Scena 1: Scanalature ultrafini (micro-scanalature inferiori a 10 μm)
Requisito: planarità assoluta
Vantaggi del granito: grazie alla lavorazione di alta precisione con collegamento a cinque assi, la planarità può essere controllata entro ±0,5 μm/m, il che significa che su una lunghezza di 1 metro, l'errore di altezza è 200 volte inferiore a quello di un capello umano! Garantisce che la distanza tra la testa di taglio e il wafer sia sempre precisa e che l'errore di larghezza delle micro-scanalature incise non superi ±0,1 μm.
Scena 2: Scanalatura per la produzione di massa ad alta velocità
Requisito: Prestazioni di assorbimento degli urti superiori
Vantaggi del granito: le sue naturali proprietà di smorzamento interno possono attenuare rapidamente le vibrazioni delle apparecchiature. Dopo che una determinata fabbrica di pannelli ha introdotto basi in granito, la velocità di scanalatura è aumentata del 40% e il tasso di resa è balzato dall'85% al 96%, ottenendo un doppio vantaggio in termini di efficienza e qualità della produzione!

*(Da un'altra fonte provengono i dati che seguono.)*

(* Let $d\ge 1$. There is a constant $C>0$ depending only on $d$ such that for all $n\ge d+1$, every $\mathcal{F}$ and $B_1,\dots,B_m$ as in the context, and every $A\subseteq[n]$, the number of indices $i\in[m]$ with $B_i=A$ is at most $C$. Consequently, for each integer $0\le s\le d$, the number of indices $i\in[m]$ with $|B_i|=s$ is at most $C\binom{n}{s}$.
   Context: Let $\mathcal{F}=\{F_1,\dots,F_m\}\subseteq\binom{[n]}{d+1}$ consist of distinct sets and have VC-dimension at most $d$ (no $(d+1)$-set $S$ is shattered, i.e. no $S$ such that every $A\subseteq S$ equals $F\cap S$ for some $F\in\mathcal{F}$). For $i\in[m]$, call $B\subsetneq F_i$ admissible for $F_i$ if $F\cap F_i\neq B$ for every $F\in\mathcal{F}$ (admissible sets exist by the VC-dimension assumption). For each $i$, $B_i$ is a fixed admissible set for $F_i$ of maximum cardinality among all admissible sets for $F_i$. *)

(* Ground set [n] is modelled by 'I_n; a family F_1..F_m
   by an indexing function F : 'I_m -> {set 'I_n}. *)
From mathcomp Require Import all_boot all_order.
Set Implicit Arguments. Unset Strict Implicit. Unset Printing Implicit Defensive.

Definition shattered (n m : nat) (F : 'I_m -> {set 'I_n}) (S : {set 'I_n}) : Prop :=
  forall A : {set 'I_n}, A \subset S -> exists i : 'I_m, F i :&: S = A.

Definition VCdim_le (n m : nat) (F : 'I_m -> {set 'I_n}) (d : nat) : Prop :=
  forall S : {set 'I_n}, #|S| = d.+1 -> ~ shattered F S.

Definition admissible (n m : nat) (F : 'I_m -> {set 'I_n}) (i : 'I_m)
  (B : {set 'I_n}) : Prop :=
  B \proper F i /\ forall j : 'I_m, F j :&: F i <> B.

Definition max_admissible (n m : nat) (F : 'I_m -> {set 'I_n}) (i : 'I_m)
  (B : {set 'I_n}) : Prop :=
  admissible F i B /\ forall B' : {set 'I_n}, admissible F i B' -> #|B'| <= #|B|.

From mathcomp Require Import all_boot all_order.

Set Implicit Arguments.
Unset Strict Implicit.
Unset Printing Implicit Defensive.

(* Fix A and count the indices i with B i = A and F i containing a given set
   K with A \subset K.  If i is one of them and y \in F i :\: K, maximality of
   B i = A forces y |: A to be a trace F j :&: F i.  Every other such index i'
   has F j :&: F i' strictly larger than A, and an element z of the difference
   lies outside K, so K can be enlarged to z |: K in at most d + 1 ways.  When
   #|K| = d + 1 the index is unique, so there are at most (d + 1) ^ (d + 1)
   indices with B i = A. *)

Lemma card_bigcup_le (T I : finType) (P : {pred I}) (f : I -> {set T}) :
  #|\bigcup_(i in P) f i| <= \sum_(i in P) #|f i|.
Proof.
elim/big_rec2: _ => [|i U s _ IH]; first by rewrite cards0.
by rewrite (leq_trans (leq_card_setU _ _)) // leq_add2l.
Qed.

Lemma card_preim_le (I T : finType) (f : I -> T) (P : {pred T}) (C : nat) :
  (forall t, #|[set i | f i == t]| <= C) -> #|[set i | f i \in P]| <= C * #|P|.
Proof.
move=> card_fibre.
have cover : [set i | f i \in P] \subset \bigcup_(t in P) [set i | f i == t].
  by apply/subsetP=> i; rewrite inE => Pfi; apply/bigcupP; exists (f i); rewrite ?inE.
rewrite (leq_trans (subset_leq_card cover)) // (leq_trans (card_bigcup_le _ _)) //.
by rewrite mulnC -sum_nat_const; apply: leq_sum => t _.
Qed.

Section MaxAdmissible.

Variables (d n m : nat) (F B : 'I_m -> {set 'I_n}).
Hypothesis injF : injective F.
Hypothesis cardF : forall i, #|F i| = d.+1.
Hypothesis maxB : forall i, max_admissible F i (B i).

Lemma F_inj_subset i j : F i \subset F j -> i = j.
Proof.
by move=> sFij; apply: injF; apply/eqP; rewrite eqEcard sFij !cardF /=.
Qed.

Lemma B_subset_F i : B i \subset F i.
Proof. by case: (maxB i) => -[/proper_sub]. Qed.

Lemma trace_neq_B i j : F j :&: F i <> B i.
Proof. by case: (maxB i) => -[_]. Qed.

Lemma trace_setU1_B i y :
  y \in F i -> y \notin B i -> exists j, F j :&: F i = y |: B i.
Proof.
move=> yF yB; have sSF : y |: B i \subset F i by rewrite subUset sub1set yF B_subset_F.
have [eSF | neSF] := eqVneq (y |: B i) (F i); first by exists i; rewrite setIid.
case: (pickP (fun j => F j :&: F i == y |: B i)) => [j /eqP | not_traced].
  by exists j.
have admS : admissible F i (y |: B i).
  split=> [|j ejS]; first by rewrite properEneq neSF.
  by move: (not_traced j); rewrite ejS eqxx.
by case: (maxB i) => _ /(_ _ admS); rewrite cardsU1 yB ltnn.
Qed.

Lemma trace_new_elem i j :
  B j \subset F i -> exists2 z, z \in F i :&: F j & z \notin B j.
Proof.
move=> sBF.
have : (F i :&: F j :\: B j) != set0.
  rewrite setD_eq0; apply/negP => sIB; apply: (@trace_neq_B j i).
  by apply/eqP; rewrite eqEsubset sIB subsetI sBF B_subset_F.
by case/set0Pn => z; rewrite in_setD => /andP[zB zI]; exists z.
Qed.

Definition above (A K : {set 'I_n}) := [set i | (B i == A) && (K \subset F i)].

Lemma card_above_full (A K : {set 'I_n}) : d.+1 <= #|K| -> #|above A K| <= 1.
Proof.
move=> leK; apply/card_le1_eqP => i i'; rewrite !inE => /andP[_ sKi] /andP[_ sKi'].
have eKF j : K \subset F j -> K = F j.
  by move=> sKj; apply/eqP; rewrite eqEcard sKj cardF.
by apply: F_inj_subset; rewrite -(eKF _ sKi') sKi.
Qed.

Lemma above_cover (A K : {set 'I_n}) i :
  A \subset K -> i \in above A K -> ~~ (F i \subset K) ->
  exists j, above A K \subset \bigcup_(z in F j :\: K) above A (z |: K).
Proof.
move=> sAK; rewrite inE => /andP[/eqP BiA sKi] /subsetPn[y yF yK].
have yB : y \notin B i by rewrite BiA; apply: contra yK; apply: (subsetP sAK).
have [j eFjS] := trace_setU1_B yF yB.
exists j; apply/subsetP => i'; rewrite inE => /andP[/eqP Bi'A sKi'].
have sBFj : B i' \subset F j.
  by rewrite Bi'A -BiA (subset_trans _ (subsetIl _ (F i))) // eFjS subsetUr.
have [z /setIP[zFj zFi'] zB] := trace_new_elem sBFj.
have zK : z \notin K.
  apply: contraNN yK => zK.
  have : z \in F j :&: F i by rewrite inE zFj (subsetP sKi).
  by rewrite eFjS in_setU1 BiA -Bi'A (negbTE zB) orbF => /eqP <-.
apply/bigcupP; exists z; first by rewrite in_setD zK zFj.
by rewrite inE Bi'A eqxx subUset sub1set zFi' sKi'.
Qed.

Lemma card_above (A K : {set 'I_n}) r :
  A \subset K -> d.+1 - #|K| <= r -> #|above A K| <= d.+1 ^ r.
Proof.
elim: r K => [|r IH] K sAK leKr.
  by rewrite (card_above_full A) // -subn_eq0 -leqn0.
have [leK | ltK] := leqP d.+1 #|K|.
  by rewrite (leq_trans (card_above_full A leK)) // expn_gt0.
have [-> | [i Ai]] := set_0Vmem (above A K); first by rewrite cards0.
have nsFK : ~~ (F i \subset K).
  by apply: contraTN ltK => sFK; rewrite -leqNgt -(cardF i) subset_leq_card.
have [j cover] := above_cover sAK Ai nsFK.
rewrite (leq_trans (subset_leq_card cover)) // (leq_trans (card_bigcup_le _ _)) //.
apply: (@leq_trans (\sum_(z in F j :\: K) d.+1 ^ r)).
  apply: leq_sum => z; rewrite in_setD => /andP[zK _]; apply: IH.
    exact: subset_trans sAK (subsetUr _ _).
  by rewrite cardsU1 zK subnS -subn1 leq_subLR add1n.
rewrite sum_nat_const expnS leq_mul2r; apply/orP; right.
by rewrite -(cardF j) subset_leq_card ?subsetDl.
Qed.

Lemma card_B_eq (A : {set 'I_n}) : #|[set i | B i == A]| <= d.+1 ^ d.+1.
Proof.
rewrite (leq_trans _ (card_above (subxx A) (leq_subr #|A| d.+1))) //.
by apply/subset_leq_card/subsetP => i; rewrite !inE => /eqP <-; rewrite eqxx B_subset_F.
Qed.

End MaxAdmissible.

Theorem claim3p2 (d : nat) (hd : 1 <= d) :
  exists C : nat, 0 < C /\
    forall (n m : nat) (F : 'I_m -> {set 'I_n}) (B : 'I_m -> {set 'I_n}),
      d.+1 <= n ->
      injective F ->
      (forall i, #|F i| = d.+1) ->
      VCdim_le F d ->
      (forall i, max_admissible F i (B i)) ->
      (forall A : {set 'I_n}, #|[set i | B i == A]| <= C) /\
      (forall s : nat, s <= d -> #|[set i | #|B i| == s]| <= C * 'C(n, s)).
Proof.
exists (d.+1 ^ d.+1); split; first by rewrite expn_gt0.
(* The VC-dimension bound only serves to make admissible sets exist, which
   [max_admissible] already provides. *)
move=> n m F B _ injF cardF _ maxB.
have card_fibre := card_B_eq injF cardF maxB.
split=> // s _.
rewrite -[n in 'C(n, s)]card_ord -card_draws.
apply: leq_trans (card_preim_le _ card_fibre).
by apply/eq_leq/eq_card => i; rewrite !inE.
Qed.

Scena 3: Scanalatura in ambiente complesso (alta temperatura/corrosione)
Requisiti: Resistenza alle alte temperature e alla corrosione
Vantaggi del granito: estrema stabilità chimica, resistenza alla corrosione da acidi e alcali; basso coefficiente di dilatazione termica, non si deforma nemmeno alle alte temperature locali (150℃) durante la scanalatura laser. Una base in granito utilizzata in un laboratorio con una soluzione corrosiva per la scanalatura è stata in uso continuativo per tre anni e la superficie della base è rimasta intatta.

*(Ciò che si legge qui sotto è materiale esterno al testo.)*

(* For both \textsc{OneMinMax} and \textsc{LOTZ}, the hypervolume contribution $\mathrm{HVC}(x,P)$ with a reference point $(r_1,r_2)$ satisfying $r_1\le -1$ and $r_2\le -1$ is diversity-favouring on $\{0,1\}^n\setminus\{0^n,1^n\}$.
   Context: Search space $\{0,1\}^n$; objectives maximised. $\textsc{OneMinMax}(x)=(\sum_ix_i,\,n-\sum_ix_i)$; $\textsc{LOTZ}(x)=(\mathrm{LO}(x),\mathrm{TZ}(x))$ with $\mathrm{LO}$ the number of leading ones and $\mathrm{TZ}$ the number of trailing zeros. Dominance: $y$ dominates $x$ if $f_i(y)\ge f_i(x)$ for all $i$, strictly for some $i$. Pareto set $X^*$ (non-dominated points), Pareto front $F^*=f(X^* )$. Populations $P$ are sets of mutually non-dominated points with distinct objective vectors (as maintained by SEMO/GSEMO). HVC: sort $P$ by increasing $f_1$ as $x_1,\dots,x_\mu$, set $f_1(x_0)=r_1$, $f_2(x_{\mu+1})=r_2$, and $\mathrm{HVC}(x_i,P)=(f_1(x_i)-f_1(x_{i-1}))(f_2(x_i)-f_2(x_{i+1}))$. Good: w.r.t. $P$, $x\in P\cap X^*$ is good if some Hamming neighbour $y$ of $x$ satisfies $y\in X^*$ and $f(y)\notin f(P)$; otherwise bad. A measure $\mathrm{score}(x,P)$ is diversity-favouring on $S\subseteq\{0,1\}^n$ (w.r.t. $f$) if for every population $P$ and all $x,y\in P\cap X^*\cap S$ with $x$ bad and $y$ good, $\mathrm{score}(x,P)<\mathrm{score}(y,P)$. *)

From mathcomp Require Import all_boot all_order all_algebra.
Set Implicit Arguments. Unset Strict Implicit. Unset Printing Implicit Defensive.
Import Order.TTheory GRing.Theory Num.Theory.

Notation bs n := {ffun 'I_n -> bool}.

Definition bits n (x : bs n) : seq bool := [seq x i | i <- enum 'I_n].

Definition ones n (x : bs n) : nat := count id (bits x).

Definition OneMinMax n (x : bs n) : nat * nat := (ones x, n - ones x).

Definition LO n (x : bs n) : nat := find negb (bits x).
Definition TZ n (x : bs n) : nat := find id (rev (bits x)).
Definition LOTZ n (x : bs n) : nat * nat := (LO x, TZ x).

Section Dom.
Variable n : nat.
Variable f : bs n -> nat * nat.

Definition dominates (y x : bs n) : bool :=
  [&& (f x).1 <= (f y).1, (f x).2 <= (f y).2 &
      ((f x).1 < (f y).1) || ((f x).2 < (f y).2)]%N.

III. Come scegliere una base in granito "autentica e di alta qualità"?
Osservate la densità: il granito con una densità ≥2800 kg/m³ ha una struttura più compatta.
Verifica le certificazioni: assicurati di riconoscere certificazioni autorevoli come ISO 9001 e CNAS per garantire la qualità.
Dati di verifica: Il produttore è tenuto a fornire rapporti di prova sul coefficiente di dilatazione termica (< 8×10⁻⁶/℃) e sulla planarità (±0,5μm/m).
Test in loco: picchiettare la base. Un suono nitido indica l'assenza di crepe interne. Se la superficie al tatto è liscia come uno specchio, significa che la lavorazione è di alta precisione.
In conclusione: scegliete il granito giusto e avrete già vinto metà della battaglia nella realizzazione delle scanalature!
Dalla resistenza agli urti e al calore, fino alla resistenza all'usura, la base in granito, con la sua "bellezza naturale" e la sua "solidità", è diventata il partner ideale per le apparecchiature di scanalatura dei wafer. Nell'attuale era della produzione di semiconduttori, che persegue la precisione su scala nanometrica, una base in granito di alta qualità non è solo un investimento in attrezzature, ma anche una garanzia a lungo termine per l'efficienza produttiva e la qualità del prodotto!